It was shown that surface defects can act as a trap of adsorbed silver atoms, diffusion preventing their 
surface, which is important for the interface layer, the nucleation of silver particles and possibly 
functioning of active centers. 
In addition, in [9] it was calculated the interaction of copper clusters, which properties are quite close 
to the properties of silver, with a regular surface of silica and neutral oxygen vacancies (≡Si-Si≡). It is 
shown that the active surface is not regular in relation to the copper clusters, and the activity decreases in 
the number of defects NBO> ≡Si > ≡Si-Si≡. 

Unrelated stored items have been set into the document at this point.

(* Let $f \colon \mathbb{R} \to \mathbb{R}$ be given by $f(x) = \ln\big(\frac{\sinh x}{x}\big) - \frac{x^2}{6}$ for $x \neq 0$ and $f(0) = 0$. Then $f$ is continuous on $\mathbb{R}$, is even, and is strictly decreasing on $[0,+\infty)$. Consequently, the mapping $[0,+\infty) \ni x \mapsto x f(x)$ is subadditive, i.e. $(x+y)f(x+y) \le x f(x) + y f(y)$ for all $x,y \ge 0$. *)

From Stdlib Require Import Reals.
Open Scope R_scope.

Definition f_lnsinh (x : R) : R :=
  if Req_EM_T x 0 then 0 else ln (sinh x / x) - x ^ 2 / 6.

(** With [sinhc x = sinh x / x] (and [sinhc 0 = 1]) we have
    [f = ln ∘ sinhc - x^2/6] everywhere, so [f] is continuous and even because
    [sinhc] is.  For [x > 0],
      [f'(x) = - ((3 + x^2) sinh x - 3 x cosh x) / (3 x sinh x)],
    and the numerator is positive: it vanishes at [0] and its derivative is
    [x (x cosh x - sinh x)], whose second factor again vanishes at [0] and has
    derivative [x sinh x > 0].  Finally, if [f] is nonincreasing on [[0, +oo)]
    then [(x + y) f(x + y) = x f(x + y) + y f(x + y) <= x f(x) + y f(y)]. *)

From Stdlib Require Import Reals Lra Psatz.
From Coquelicot Require Import Coquelicot.
Open Scope R_scope.

Lemma strictly_increasing_of_derive_pos (g g' : R -> R) (a b : R) :
  a < b ->
  (forall c, a <= c <= b -> continuity_pt g c) ->
  (forall c, a < c < b -> is_derive g c (g' c)) ->
  (forall c, a < c < b -> 0 < g' c) ->
  g a < g b.
Proof.
  intros Hab Hcont Hder Hpos.
  (* [MVT_gen] may return an endpoint, where [g'] is unconstrained. *)
  set (dg c := if Rlt_dec a c then if Rlt_dec c b then g' c else 1 else 1).
  assert (Hdg : forall c, 0 < dg c).
  { intros c; unfold dg. destruct (Rlt_dec a c), (Rlt_dec c b); auto; lra. }
  destruct (MVT_gen g a b dg) as (c & _ & Hmvt);
    rewrite ?Rmin_left, ?Rmax_right by lra.
  - intros c Hc. unfold dg. destruct (Rlt_dec a c), (Rlt_dec c b); auto; lra.
  - exact Hcont.
  - specialize (Hdg c). nra.
Qed.

Lemma pos_of_derive_pos (g g' : R -> R) :
  g 0 = 0 ->
  (forall c, is_derive g c (g' c)) ->
  (forall c, 0 < c -> 0 < g' c) ->
  forall t, 0 < t -> 0 < g t.
Proof.
  intros Hg0 Hder Hpos t Ht. rewrite <- Hg0.
  apply (strictly_increasing_of_derive_pos g g'); auto.
  - intros c _. apply derivable_continuous_pt.
    exists (g' c). apply is_derive_Reals, Hder.
  - intros c Hc. apply Hpos. lra.
Qed.

Lemma mul_id_subadditive_of_nonincreasing (phi : R -> R) :
  (forall x y, 0 <= x -> x <= y -> phi y <= phi x) ->
  forall x y, 0 <= x -> 0 <= y ->
    (x + y) * phi (x + y) <= x * phi x + y * phi y.
Proof.
  intros Hdecr x y Hx Hy.
  assert (phi (x + y) <= phi x) by (apply Hdecr; lra).
  assert (phi (x + y) <= phi y) by (apply Hdecr; lra).
  nra.
Qed.

Lemma sinh_pos (x : R) : 0 < x -> 0 < sinh x.
Proof. intros Hx. rewrite <- sinh_0. apply sinh_lt, Hx. Qed.

Lemma sinh_opp (x : R) : sinh (- x) = - sinh x.
Proof. unfold sinh. rewrite Ropp_involutive. field. Qed.

Lemma sinh_lt_mul_cosh (t : R) : 0 < t -> sinh t < t * cosh t.
Proof.
  intros Ht.
  enough (0 < t * cosh t - sinh t) by lra.
  apply (pos_of_derive_pos (fun t => t * cosh t - sinh t) (fun c => c * sinh c));
    auto.
  - rewrite sinh_0, cosh_0. ring.
  - intros c. unfold cosh, sinh. auto_derive; [exact I | field].
  - intros c Hc. apply Rmult_lt_0_compat; [exact Hc | apply sinh_pos, Hc].
Qed.

Lemma three_mul_cosh_lt (t : R) : 0 < t -> 3 * t * cosh t < (3 + t ^ 2) * sinh t.
Proof.
  intros Ht.
  enough (0 < (3 + t ^ 2) * sinh t - 3 * t * cosh t) by lra.
  apply (pos_of_derive_pos (fun t => (3 + t ^ 2) * sinh t - 3 * t * cosh t)
           (fun c => c * (c * cosh c - sinh c))); auto.
  - rewrite sinh_0, cosh_0. ring.
  - intros c. unfold cosh, sinh. auto_derive; [exact I | field].
  - intros c Hc. apply Rmult_lt_0_compat; [exact Hc|].
    pose proof (sinh_lt_mul_cosh c Hc). lra.
Qed.

Definition sinhc (x : R) : R := if Req_EM_T x 0 then 1 else sinh x / x.

Lemma sinhc_pos (x : R) : 0 < sinhc x.
Proof.
  unfold sinhc. destruct (Req_EM_T x 0) as [_|Hx]; [lra|].
  destruct (Rlt_or_le 0 x).
  - apply Rdiv_lt_0_compat; [apply sinh_pos|]; lra.
  - replace (sinh x / x) with (sinh (- x) / - x) by (rewrite sinh_opp; field; exact Hx).
    apply Rdiv_lt_0_compat; [apply sinh_pos|]; lra.
Qed.

Lemma sinhc_opp (x : R) : sinhc (- x) = sinhc x.
Proof.
  unfold sinhc.
  destruct (Req_EM_T (- x) 0), (Req_EM_T x 0) as [|Hx]; try lra.
  rewrite sinh_opp. field. exact Hx.
Qed.

Lemma continuity_pt_sinhc (x : R) : continuity_pt sinhc x.
Proof.
  destruct (Req_EM_T x 0) as [->|Hx].
  - (* at [0] this is the derivative [cosh 0 = 1] of [sinh] *)
    intros eps Heps. destruct (derivable_pt_lim_sinh 0 eps Heps) as [d Hd].
    exists d. split; [apply cond_pos|].
    intros y [[_ Hy0] Hyd]. simpl in *. unfold R_dist in *.
    rewrite Rminus_0_r in Hyd.
    specialize (Hd y (not_eq_sym Hy0) Hyd).
    rewrite Rplus_0_l, sinh_0, cosh_0, Rminus_0_r in Hd.
    unfold sinhc. destruct (Req_EM_T y 0), (Req_EM_T 0 0); lra.
  - apply (continuity_pt_locally_ext (fun y => sinh y / y) _ (Rabs x)).
    + now apply Rabs_pos_lt.
    + intros y Hy. unfold sinhc. destruct (Req_EM_T y 0) as [->|]; [|reflexivity].
      unfold Rdist in Hy. rewrite Rminus_0_l, Rabs_Ropp in Hy. lra.
    + apply continuity_pt_filterlim, (ex_derive_continuous (fun y => sinh y / y)).
      unfold sinh. auto_derive. exact Hx.
Qed.

Lemma f_lnsinh_sinhc (x : R) : f_lnsinh x = ln (sinhc x) - x ^ 2 / 6.
Proof.
  unfold f_lnsinh, sinhc. destruct (Req_EM_T x 0) as [->|]; [|reflexivity].
  rewrite ln_1. field.
Qed.

Lemma continuity_pt_f_lnsinh (x : R) : continuity_pt f_lnsinh x.
Proof.
  apply (continuity_pt_ext (fun x => ln (sinhc x) - x ^ 2 / 6)).
  { intros y. symmetry. apply f_lnsinh_sinhc. }
  apply (continuity_pt_minus (comp ln sinhc) (fun y => y ^ 2 / 6)).
  - apply continuity_pt_comp; [apply continuity_pt_sinhc|].
    apply continuity_pt_filterlim, continuous_ln, sinhc_pos.
  - reg.
Qed.

Lemma f_lnsinh_opp (x : R) : f_lnsinh (- x) = f_lnsinh x.
Proof. rewrite !f_lnsinh_sinhc, sinhc_opp. f_equal. f_equal. ring. Qed.

Lemma is_derive_f_lnsinh (c : R) : 0 < c ->
  is_derive f_lnsinh c
    (- (((3 + c ^ 2) * sinh c - 3 * c * cosh c) / (3 * c * sinh c))).
Proof.
  intros Hc.
  apply (is_derive_ext_loc (fun y => ln (sinh y / y) - y ^ 2 / 6)).
  { apply (filter_imp (fun y => 0 < y)); [|exact (open_gt 0 c Hc)].
    intros y Hy. unfold f_lnsinh. destruct (Req_EM_T y 0); [lra | reflexivity]. }
  pose proof (sinh_pos c Hc) as Hs. unfold cosh, sinh in *.
  auto_derive.
  - repeat split; [lra | apply Rdiv_lt_0_compat; lra].
  - field. lra.
Qed.

Lemma f_lnsinh_decreasing (x y : R) : 0 <= x -> x < y -> f_lnsinh y < f_lnsinh x.
Proof.
  intros Hx Hxy.
  enough (- f_lnsinh x < - f_lnsinh y) by lra.
  apply (strictly_increasing_of_derive_pos (fun t => - f_lnsinh t)
    (fun c => - - (((3 + c ^ 2) * sinh c - 3 * c * cosh c) / (3 * c * sinh c))));
    [exact Hxy | | |].
  - intros c _. apply continuity_pt_opp, continuity_pt_f_lnsinh.
  - intros c Hc. apply (is_derive_opp f_lnsinh), is_derive_f_lnsinh. lra.
  - intros c Hc. rewrite Ropp_involutive.
    pose proof (three_mul_cosh_lt c ltac:(lra)).
    pose proof (sinh_pos c ltac:(lra)).
    apply Rdiv_lt_0_compat; [lra|].
    apply Rmult_lt_0_compat; lra.
Qed.

Theorem mainTheorem2 :
  (forall x : R, continuity_pt f_lnsinh x) /\
  (forall x : R, f_lnsinh (- x) = f_lnsinh x) /\
  (forall x y : R, 0 <= x -> x < y -> f_lnsinh y < f_lnsinh x) /\
  (forall x y : R, 0 <= x -> 0 <= y ->
     (x + y) * f_lnsinh (x + y) <= x * f_lnsinh x + y * f_lnsinh y).
Proof.
  split; [exact continuity_pt_f_lnsinh|].
  split; [exact f_lnsinh_opp|].
  split; [exact f_lnsinh_decreasing|].
  apply mul_id_subadditive_of_nonincreasing.
  intros x y Hx Hxy. destruct (Rle_lt_or_eq_dec x y Hxy) as [Hlt | ->].
  - left. exact (f_lnsinh_decreasing x y Hx Hlt).
  - right. reflexivity.
Qed.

In [10] it is shown that the interaction of copper clusters with NBO-defect a significant shift due 2p-
energy level of silicon about 0.6-1 eV is observed only at a small cluster size. For large copper clusters 
shift does not exceed 0.1 eV. 
In [11] it was performed quantum chemical calculations of silver clusters models on hydroxylated 
silica surface in the oxidized and reduced forms and electronic spectra. In this case the calculated and 
experimental spectra containing silver in an oxidized form good matched. However, the calculation of the 
energy of interaction between oxidized forms of silver and surface defects in this work was not carried 
out. 
In [12] it was first noted that the oxygen atoms of the silanol groups of silica involved in the 
formation of the intermediate in the oxidation of CO on platinum particles, and the hydrogen formed 
during the decay of the intermediate with platinum particles and is held constantly returned to the system. 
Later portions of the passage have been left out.